What is being asked
All lines of the material below that include the string "bijective" are to be copied.

Material supplied

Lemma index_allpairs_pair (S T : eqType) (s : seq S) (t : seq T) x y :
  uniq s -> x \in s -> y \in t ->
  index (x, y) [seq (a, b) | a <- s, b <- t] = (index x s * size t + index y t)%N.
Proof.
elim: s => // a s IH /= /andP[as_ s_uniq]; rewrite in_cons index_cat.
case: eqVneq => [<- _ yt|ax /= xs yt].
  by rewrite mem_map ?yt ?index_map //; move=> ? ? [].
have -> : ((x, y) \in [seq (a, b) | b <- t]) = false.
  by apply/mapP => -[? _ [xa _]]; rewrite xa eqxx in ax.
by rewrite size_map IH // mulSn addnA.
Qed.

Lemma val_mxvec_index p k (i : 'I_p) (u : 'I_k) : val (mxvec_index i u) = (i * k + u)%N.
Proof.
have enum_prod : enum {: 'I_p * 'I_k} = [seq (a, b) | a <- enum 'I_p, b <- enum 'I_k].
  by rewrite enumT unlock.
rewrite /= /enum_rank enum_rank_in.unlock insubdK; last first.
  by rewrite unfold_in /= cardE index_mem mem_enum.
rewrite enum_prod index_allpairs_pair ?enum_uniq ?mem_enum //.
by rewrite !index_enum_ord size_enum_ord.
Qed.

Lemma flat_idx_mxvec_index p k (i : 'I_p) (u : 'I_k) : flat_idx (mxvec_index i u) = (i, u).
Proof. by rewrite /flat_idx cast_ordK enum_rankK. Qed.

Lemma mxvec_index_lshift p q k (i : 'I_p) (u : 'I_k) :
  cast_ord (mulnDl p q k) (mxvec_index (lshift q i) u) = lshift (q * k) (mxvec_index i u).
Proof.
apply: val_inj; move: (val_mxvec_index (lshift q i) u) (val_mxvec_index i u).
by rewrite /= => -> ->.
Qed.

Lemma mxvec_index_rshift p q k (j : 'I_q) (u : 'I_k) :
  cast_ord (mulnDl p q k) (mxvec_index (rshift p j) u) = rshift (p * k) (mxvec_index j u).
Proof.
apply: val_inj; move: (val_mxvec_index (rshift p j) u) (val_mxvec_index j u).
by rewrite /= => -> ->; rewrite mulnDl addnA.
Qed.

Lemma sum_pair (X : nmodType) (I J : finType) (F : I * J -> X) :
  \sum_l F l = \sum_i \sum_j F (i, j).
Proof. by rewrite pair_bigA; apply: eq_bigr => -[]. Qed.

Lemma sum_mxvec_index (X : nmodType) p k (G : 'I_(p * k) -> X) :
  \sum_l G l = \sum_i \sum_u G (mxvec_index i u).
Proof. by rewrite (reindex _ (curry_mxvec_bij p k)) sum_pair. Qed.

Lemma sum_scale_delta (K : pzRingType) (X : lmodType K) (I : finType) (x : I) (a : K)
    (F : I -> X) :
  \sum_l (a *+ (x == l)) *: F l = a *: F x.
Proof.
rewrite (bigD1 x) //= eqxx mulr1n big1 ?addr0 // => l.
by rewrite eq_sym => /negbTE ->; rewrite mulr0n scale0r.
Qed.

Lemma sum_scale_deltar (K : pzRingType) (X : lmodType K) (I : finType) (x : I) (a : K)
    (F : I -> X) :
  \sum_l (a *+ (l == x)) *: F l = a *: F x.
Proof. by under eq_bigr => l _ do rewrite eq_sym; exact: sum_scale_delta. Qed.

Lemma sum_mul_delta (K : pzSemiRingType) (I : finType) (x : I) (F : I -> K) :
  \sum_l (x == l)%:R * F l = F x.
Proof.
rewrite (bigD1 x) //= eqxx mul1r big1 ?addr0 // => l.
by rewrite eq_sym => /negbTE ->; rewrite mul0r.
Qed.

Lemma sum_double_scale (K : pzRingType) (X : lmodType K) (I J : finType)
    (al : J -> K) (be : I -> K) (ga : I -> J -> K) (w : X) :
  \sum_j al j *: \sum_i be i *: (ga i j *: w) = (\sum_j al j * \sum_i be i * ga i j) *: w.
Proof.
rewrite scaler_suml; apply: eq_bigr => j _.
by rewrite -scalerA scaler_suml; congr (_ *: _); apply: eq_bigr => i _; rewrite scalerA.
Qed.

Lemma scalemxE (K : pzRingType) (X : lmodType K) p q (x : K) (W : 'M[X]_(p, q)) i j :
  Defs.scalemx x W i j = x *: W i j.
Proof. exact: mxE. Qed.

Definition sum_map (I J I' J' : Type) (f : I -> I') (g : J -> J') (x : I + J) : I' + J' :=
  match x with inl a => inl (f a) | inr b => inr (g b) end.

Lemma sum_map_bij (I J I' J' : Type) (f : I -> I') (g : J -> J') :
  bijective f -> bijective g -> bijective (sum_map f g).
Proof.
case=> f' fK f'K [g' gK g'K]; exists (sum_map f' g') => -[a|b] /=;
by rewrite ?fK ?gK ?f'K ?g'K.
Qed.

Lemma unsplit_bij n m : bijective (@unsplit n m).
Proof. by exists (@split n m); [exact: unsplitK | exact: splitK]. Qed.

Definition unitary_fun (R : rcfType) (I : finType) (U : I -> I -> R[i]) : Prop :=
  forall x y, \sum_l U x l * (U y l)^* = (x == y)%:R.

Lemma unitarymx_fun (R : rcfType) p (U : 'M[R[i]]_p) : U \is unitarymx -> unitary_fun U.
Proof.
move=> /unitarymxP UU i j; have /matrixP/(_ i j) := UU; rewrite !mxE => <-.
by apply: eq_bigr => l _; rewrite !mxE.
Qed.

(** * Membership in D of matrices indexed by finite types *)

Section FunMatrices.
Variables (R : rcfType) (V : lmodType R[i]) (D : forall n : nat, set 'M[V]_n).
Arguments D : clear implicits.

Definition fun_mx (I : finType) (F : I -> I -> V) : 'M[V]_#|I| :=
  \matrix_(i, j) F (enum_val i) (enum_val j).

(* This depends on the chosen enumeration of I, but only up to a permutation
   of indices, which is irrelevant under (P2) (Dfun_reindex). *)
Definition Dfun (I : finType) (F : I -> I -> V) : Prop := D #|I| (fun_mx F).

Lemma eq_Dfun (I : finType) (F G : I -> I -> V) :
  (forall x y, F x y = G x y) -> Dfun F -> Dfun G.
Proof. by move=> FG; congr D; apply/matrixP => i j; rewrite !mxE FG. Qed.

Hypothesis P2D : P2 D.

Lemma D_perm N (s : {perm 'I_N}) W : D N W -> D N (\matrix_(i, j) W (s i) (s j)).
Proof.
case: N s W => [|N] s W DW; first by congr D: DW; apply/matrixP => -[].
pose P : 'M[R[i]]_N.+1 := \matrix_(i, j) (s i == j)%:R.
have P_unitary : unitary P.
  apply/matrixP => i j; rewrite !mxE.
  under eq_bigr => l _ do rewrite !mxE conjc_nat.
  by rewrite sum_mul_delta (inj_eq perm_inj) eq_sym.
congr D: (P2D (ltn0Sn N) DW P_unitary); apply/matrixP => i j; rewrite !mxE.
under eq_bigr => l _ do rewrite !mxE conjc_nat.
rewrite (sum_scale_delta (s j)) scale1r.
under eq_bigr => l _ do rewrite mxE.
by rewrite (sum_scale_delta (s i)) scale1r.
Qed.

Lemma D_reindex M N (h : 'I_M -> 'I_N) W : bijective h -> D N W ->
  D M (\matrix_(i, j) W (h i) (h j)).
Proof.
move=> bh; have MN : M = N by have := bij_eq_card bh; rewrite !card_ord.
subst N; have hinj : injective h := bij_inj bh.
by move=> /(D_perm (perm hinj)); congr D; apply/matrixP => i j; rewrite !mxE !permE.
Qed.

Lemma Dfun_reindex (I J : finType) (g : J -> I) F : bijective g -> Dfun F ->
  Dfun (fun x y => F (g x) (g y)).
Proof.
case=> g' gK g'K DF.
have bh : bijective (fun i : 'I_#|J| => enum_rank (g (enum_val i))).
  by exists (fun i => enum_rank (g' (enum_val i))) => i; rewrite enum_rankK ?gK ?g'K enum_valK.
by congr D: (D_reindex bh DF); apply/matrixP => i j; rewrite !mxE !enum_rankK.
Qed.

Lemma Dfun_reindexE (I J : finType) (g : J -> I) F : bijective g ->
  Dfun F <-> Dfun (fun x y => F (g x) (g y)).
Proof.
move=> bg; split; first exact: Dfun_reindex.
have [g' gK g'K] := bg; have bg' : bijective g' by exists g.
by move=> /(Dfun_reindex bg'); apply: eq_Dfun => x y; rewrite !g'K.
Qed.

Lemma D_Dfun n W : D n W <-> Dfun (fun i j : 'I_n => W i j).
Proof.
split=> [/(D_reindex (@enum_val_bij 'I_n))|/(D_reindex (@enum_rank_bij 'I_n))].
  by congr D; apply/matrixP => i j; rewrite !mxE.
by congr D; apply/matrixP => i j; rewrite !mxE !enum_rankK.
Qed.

Exercise response
  bijective f -> bijective g -> bijective (sum_map f g).
Lemma unsplit_bij n m : bijective (@unsplit n m).
Lemma D_reindex M N (h : 'I_M -> 'I_N) W : bijective h -> D N W ->
Lemma Dfun_reindex (I J : finType) (g : J -> I) F : bijective g -> Dfun F ->
have bh : bijective (fun i : 'I_#|J| => enum_rank (g (enum_val i))).
Lemma Dfun_reindexE (I J : finType) (g : J -> I) F : bijective g ->
have [g' gK g'K] := bg; have bg' : bijective g' by exists g.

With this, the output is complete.